- **Source data**:
----------------------------------------

Lemma dotvNl x y : dotv (- x) y = - dotv x y.
Proof. by rewrite -scaleN1r dotvZl mulN1r. Qed.

Lemma dotvBl x y z : dotv (x - y) z = dotv x z - dotv y z.
Proof. by rewrite dotvDl dotvNl. Qed.

Lemma dotv0l y : dotv 0 y = 0.
Proof. by rewrite -(scale0r 0) dotvZl mul0r. Qed.

Lemma dotvDr x y z : dotv x (y + z) = dotv x y + dotv x z.
Proof. by rewrite dotvC dotvDl !(dotvC x). Qed.

Lemma dotvZr a x y : dotv x (a *: y) = a * dotv x y.
Proof. by rewrite dotvC dotvZl dotvC. Qed.

Lemma dotvNr x y : dotv x (- y) = - dotv x y.
Proof. by rewrite dotvC dotvNl dotvC. Qed.

Lemma dotvBr x y z : dotv x (y - z) = dotv x y - dotv x z.
Proof. by rewrite dotvDr dotvNr. Qed.

Lemma sqnorm_ge0 x : 0 <= sqnorm x.
Proof. by apply: sumr_ge0 => i _; rewrite -expr2 sqr_ge0. Qed.

Lemma sqnorm_eq0 x : (sqnorm x == 0) = (x == 0).
Proof.
apply/idP/eqP => [/eqP x0|->]; last by rewrite /sqnorm dotv0l.
apply/rowP => i; rewrite mxE; apply/eqP; rewrite -sqrf_eq0 expr2; apply/eqP.
by move: x0 => /psumr_eq0P/(_ i isT) -> // j _; rewrite -expr2 sqr_ge0.
Qed.

Lemma sqnorm_gt0 x : (0 < sqnorm x) = (x != 0).
Proof. by rewrite lt_neqAle sqnorm_ge0 andbT eq_sym sqnorm_eq0. Qed.

Lemma sqnormD x y : sqnorm (x + y) = sqnorm x + 2 * dotv x y + sqnorm y.
Proof. rewrite /sqnorm !dotvDl !dotvDr (dotvC y x); ring. Qed.

Lemma sqnormB x y : sqnorm (x - y) = sqnorm x - 2 * dotv x y + sqnorm y.
Proof. rewrite /sqnorm !dotvBl !dotvBr (dotvC y x); ring. Qed.

Lemma sqnormZ a x : sqnorm (a *: x) = a ^+ 2 * sqnorm x.
Proof. rewrite /sqnorm dotvZl dotvZr; ring. Qed.

Lemma sqnormN x : sqnorm (- x) = sqnorm x.
Proof. by rewrite /sqnorm dotvNl dotvNr opprK. Qed.

Lemma enorm_ge0 x : 0 <= enorm x.
Proof. exact: sqrtr_ge0. Qed.

Lemma enorm_sqr x : enorm x ^+ 2 = sqnorm x.
Proof. by rewrite sqr_sqrtr // sqnorm_ge0. Qed.

Lemma enorm0 : enorm (0 : V) = 0.
Proof. by rewrite /enorm dotv0l sqrtr0. Qed.

Lemma enorm_gt0 x : (0 < enorm x) = (x != 0).
Proof. by rewrite sqrtr_gt0 -/(sqnorm x) sqnorm_gt0. Qed.

Lemma enormZ a x : enorm (a *: x) = `|a| * enorm x.
Proof. by rewrite /enorm -/(sqnorm _) sqnormZ sqrtrM ?sqr_ge0 // sqrtr_sqr. Qed.

Lemma enormN x : enorm (- x) = enorm x.
Proof. by rewrite /enorm -!/(sqnorm _) sqnormN. Qed.

Lemma enorm_distC x y : enorm (x - y) = enorm (y - x).
Proof. by rewrite -enormN opprB. Qed.
Lemma insert_x0_alternating r k : (k <= 2 * r)%N ->
  take k (mkseq odd (2 * r)) ++ x0 :: drop k (mkseq odd (2 * r)) = flip_word (2 * k./2) (2 * r).+1.
Proof.
move=> Hk; have Hk' : (if (k < 2 * r)%N then k else (2 * r)%N) = k by case: ifP; lia.
apply: eq_word_nth.
  by rewrite size_cat size_flip_word /= size_take size_drop size_mkseq Hk'; lia.
move=> j; rewrite size_cat /= size_take size_drop size_mkseq Hk' => Hj.
rewrite nth_flip_word; last by lia.
rewrite nth_cat size_take size_mkseq Hk'; case: ifP => H1.
  by rewrite nth_take // nth_mkseq; [case: ifP; lia | lia].
rewrite -cat1s nth_cat /=; case: ifP => H2.
  have -> : (j - k = 0)%N by lia.
  by rewrite /x0 /=; case: ifP; lia.
by rewrite nth_drop nth_mkseq; [case: ifP; lia | lia].
Qed.

Section DefectRelation.
Local Open Scope ring_scope.
Variable r : nat.
Hypothesis r_gt0 : (0 < r)%N.
Local Notation n := (2 * r).+1.

(* Inserting x0 into (x0 x1)^r gives each zeta({2}^k,3,{2}^(r-1-k)) twice and
   (x0 x1)^r x0 once. *)
Lemma Lker_x0_shuffle : Lker_coef n (fun w0 => 2 * zeta_ins 3 r.-1 w0 + flip_ind n (2 * r) w0).
Proof.
have H : Lker n (pshuffle (pword [:: x0]) (pword (iotaw (nseq r 2)))) by apply: Lker_A_gens; left; left.
apply: Lker_coef_ext ((Lker_coefP _ _).2 H) => w0.
rewrite pshuffle_pword coef_pword_seq shw_letter big_map iotaw_nseq2 size_mkseq.
rewrite (eq_big_seq (fun k => flip_ind n (2 * k./2) w0)); last first.
  by move=> k; rewrite mem_iota => /andP [_ Hk]; rewrite insert_x0_alternating //; lia.
have := sum_half_double (fun q => flip_ind n (2 * q) w0) r; rewrite /index_iota subn0 => ->.
congr (2 * _ + _); rewrite /zeta_ins prednK //; apply: eq_big_nat => k /andP [_ Hk].
rewrite iotaw_flip_word /flip_ind.
by have -> : (2 * k + 2 * (r.-1 - k) + 3 = n)%N by lia.
Qed.
(* Let $q=2^h$ with $h\equiv 1\pmod 2$, and let $$U=\left\{\left(x,y,x^q+y^{q^2},x^{q^2}+y^q+y^{q^2}\right): x,y\in\mathbb F_{q^4}\right\},\qquad U'=\left\{\left(z,t,z^{q^3}+z^{q^2}+t^{q^2},z^{q^2}+t^{q^3}\right): z,t\in\mathbb F_{q^4}\right\}.$$ Then $U$ and $U'$ are $\mathrm{GL}(4,q^4)$-equivalent, i.e. there exists $A\in\mathrm{GL}(4,q^4)$ with $\{uA: u\in U\}=U'$.
   Context: $U'$ is the orthogonal complement $U^{\tau'}$ of $U$ with respect to the $\mathbb F_q$-bilinear form $\sigma'(X,Y)=\mathrm{Tr}_{q^4/q}(X_0Y_3+X_3Y_0-X_1Y_2-X_2Y_1)$ on $\mathbb F_{q^4}^4$, where $\mathrm{Tr}_{q^4/q}$ is the trace map from $\mathbb F_{q^4}$ to $\mathbb F_q$. *)

From mathcomp Require Import all_boot all_order all_algebra.
Set Implicit Arguments. Unset Strict Implicit. Unset Printing Implicit Defensive.
Import GRing.Theory.
Local Open Scope ring_scope.

Definition vec4 (F : finFieldType) (a b c d : F) : 'rV[F]_4 :=
  \row_(i < 4) nth 0 [:: a; b; c; d] i.

Definition Uset (F : finFieldType) (q : nat) : {set 'rV[F]_4} :=
  [set vec4 x y (x ^+ q + y ^+ (q ^ 2)%N) (x ^+ (q ^ 2)%N + y ^+ q + y ^+ (q ^ 2)%N)
     | x : F, y : F].

Definition Uset' (F : finFieldType) (q : nat) : {set 'rV[F]_4} :=
  [set vec4 z t (z ^+ (q ^ 3)%N + z ^+ (q ^ 2)%N + t ^+ (q ^ 2)%N)
                (z ^+ (q ^ 2)%N + t ^+ (q ^ 3)%N)
     | z : F, t : F].

From mathcomp Require Import all_boot all_order all_algebra all_field.
From mathcomp Require Import ring.
Set Implicit Arguments. Unset Strict Implicit. Unset Printing Implicit Defensive.
Import GRing.Theory.
Local Open Scope ring_scope.

(* In characteristic 2 the map x |-> x^q is additive, and |F| = q^4 makes its
   fourth iterate the identity.  The coordinates of U and U' are therefore
   sums of conjugates x^(q^i), y^(q^i), and an explicit 0/1 matrix A maps U
   into U' while its inverse B maps U' into U. *)

Notation i0 := (@Ordinal 4 0 isT).
Notation i1 := (@Ordinal 4 1 isT).
Notation i2 := (@Ordinal 4 2 isT).
Notation i3 := (@Ordinal 4 3 isT).

Lemma vec4_mulmx (F : finFieldType) (a b c d : F) (M : 'M[F]_4) :
  vec4 a b c d *m M =
  vec4 (a * M i0 i0 + b * M i1 i0 + c * M i2 i0 + d * M i3 i0)
       (a * M i0 i1 + b * M i1 i1 + c * M i2 i1 + d * M i3 i1)
       (a * M i0 i2 + b * M i1 i2 + c * M i2 i2 + d * M i3 i2)
       (a * M i0 i3 + b * M i1 i3 + c * M i2 i3 + d * M i3 i3).
Proof.
apply/rowP => j; rewrite !mxE !big_ord_recr big_ord0 /= add0r !mxE /=.
by case: j => [[|[|[|[|?]]]] ?] //=;
  congr (_ + _ + _ + _); congr (_ * M _ _); apply/val_inj.
Qed.

Lemma imset_mulmx_eq (F : finFieldType) n (A B : 'M[F]_n) (U U' : {set 'rV[F]_n}) :
  B *m A = 1%:M ->
  [set u *m A | u in U] \subset U' -> [set v *m B | v in U'] \subset U ->
  [set u *m A | u in U] = U'.
Proof.
move=> BA1 sUA sU'B; apply/eqP; rewrite eqEsubset sUA /=.
apply/subsetP => v U'v; apply/imsetP; exists (v *m B).
  by apply: (subsetP sU'B); apply: imset_f.
by rewrite -mulmxA BA1 mulmx1.
Qed.

(* Entries are given as naturals so that products of these matrices can be
   computed in nat and then reduced modulo 2. *)
Definition bitmx (F : finFieldType) (rows : seq (seq nat)) : 'M[F]_4 :=
  \matrix_(i < 4, j < 4) (nth 0 (nth [::] rows i) j)%:R.

Definition Amx F := bitmx F [:: [:: 0;1;0;1]; [:: 1;0;1;0]; [:: 1;1;0;1]; [:: 0;1;1;0]]%N.
Definition Bmx F := bitmx F [:: [:: 1;0;1;0]; [:: 1;1;1;1]; [:: 1;1;1;0]; [:: 0;1;1;1]]%N.

Section FieldOfOrderQ4.
Variables (F : finFieldType) (h : nat).
Hypothesis cardF : #|F| = ((2 ^ h) ^ 4)%N.
Local Notation q := (2 ^ h)%N.

Lemma pchar2F : (2 \in [pchar F])%N.
Proof. by apply: (@card_finPcharP _ 2 (h * 4)); rewrite // cardF expnM. Qed.

Lemma natr_odd n : (n%:R : F) = (odd n)%:R.
Proof.
rewrite -[in LHS](odd_double_half n) natrD -mul2n natrM.
by rewrite (pcharf0 pchar2F) mul0r addr0.
Qed.

Lemma Bmx_mulmx_Amx : Bmx F *m Amx F = 1%:M.
Proof.
apply/matrixP => i j; rewrite !mxE !big_ord_recr big_ord0 /= add0r !mxE.
rewrite -!natrM -!natrD natr_odd.
by case: i => [[|[|[|[|?]]]] ?] //=; case: j => [[|[|[|[|?]]]] ?].
Qed.

(* [ring] knows nothing of the characteristic: an identity valid in F is proved
   by exhibiting the difference of its two sides as an explicit double. *)
Lemma eq_mod_double (w a b : F) : b = a + 2%:R * w -> a = b.
Proof. by move=> ->; rewrite (pcharf0 pchar2F) mul0r addr0. Qed.

Definition frob (x : F) := x ^+ q.

Lemma frobD x y : frob (x + y) = frob x + frob y.
Proof.
apply: exprDn_pchar; rewrite (eq_pnat _ (pcharf_eq pchar2F)).
by rewrite pnatX pnat_id.
Qed.

Lemma expr_qpow k x : x ^+ (q ^ k) = iter k frob x.
Proof. by elim: k => [|k IHk]; rewrite ?expr1 // expnSr exprM IHk. Qed.

Lemma frob4 x : frob (frob (frob (frob x))) = x.
Proof. by rewrite -[RHS](expf_card x) cardF expr_qpow. Qed.

Lemma Uset_mulmx_Amx : [set u *m Amx F | u in Uset F q] \subset Uset' F q.
Proof.
apply/subsetP => _ /imsetP[_ /imset2P[x y _ _ ->] ->].
rewrite vec4_mulmx !mxE /=; apply/imset2P.
exists (y + (x ^+ q + y ^+ (q ^ 2)))
       (x + (x ^+ q + y ^+ (q ^ 2)) + (x ^+ (q ^ 2) + y ^+ q + y ^+ (q ^ 2))) => //.
congr vec4; rewrite ?mulr1n ?mulr0n !expr_qpow /= -!/(frob _) ?frobD ?frob4.
- by ring.
- by ring.
- by apply: (@eq_mod_double (frob (frob (frob y)) + x + frob (frob (frob x)) + y)); ring.
- by apply: (@eq_mod_double (frob (frob (frob x)) + y + frob y)); ring.
Qed.

Lemma Uset'_mulmx_Bmx : [set v *m Bmx F | v in Uset' F q] \subset Uset F q.
Proof.
apply/subsetP => _ /imsetP[_ /imset2P[z t _ _ ->] ->].
rewrite vec4_mulmx !mxE /=; apply/imset2P.
exists (z + t + (z ^+ (q ^ 3) + z ^+ (q ^ 2) + t ^+ (q ^ 2)))
       (t + (z ^+ (q ^ 3) + z ^+ (q ^ 2) + t ^+ (q ^ 2)) + (z ^+ (q ^ 2) + t ^+ (q ^ 3))) => //.
congr vec4; rewrite ?mulr1n ?mulr0n !expr_qpow /= -!/(frob _) ?frobD ?frob4.
- by ring.
- by ring.
- by apply: (@eq_mod_double (frob z + frob t + z - frob (frob z))); ring.
- by apply: (@eq_mod_double (frob (frob t) + frob z + 2%:R * z + t + frob t + frob (frob (frob z)))); ring.
Qed.

End FieldOfOrderQ4.

Theorem proposition4p6 (h : nat) (F : finFieldType) :
  odd h -> #|F| = ((2 ^ h) ^ 4)%N ->
  exists A : 'M[F]_4, A \in unitmx /\
    [set u *m A | u in Uset F (2 ^ h)] = Uset' F (2 ^ h).
Proof.
move=> _ cardF; have BA1 := Bmx_mulmx_Amx cardF.
exists (Amx F); split; first by case: (mulmx1_unit BA1).
exact: imset_mulmx_eq BA1 (Uset_mulmx_Amx cardF) (Uset'_mulmx_Bmx cardF).
Qed.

----------------------------------------

- **Work request**:
Copy the lines of the data above exactly as written, beginning with the line containing "(* Entries are" and ending with the line containing "rows i) j)%:R.", and leave out all other lines.

- **Solution to this problem**:
(* Entries are given as naturals so that products of these matrices can be
   computed in nat and then reduced modulo 2. *)
Definition bitmx (F : finFieldType) (rows : seq (seq nat)) : 'M[F]_4 :=
  \matrix_(i < 4, j < 4) (nth 0 (nth [::] rows i) j)%:R.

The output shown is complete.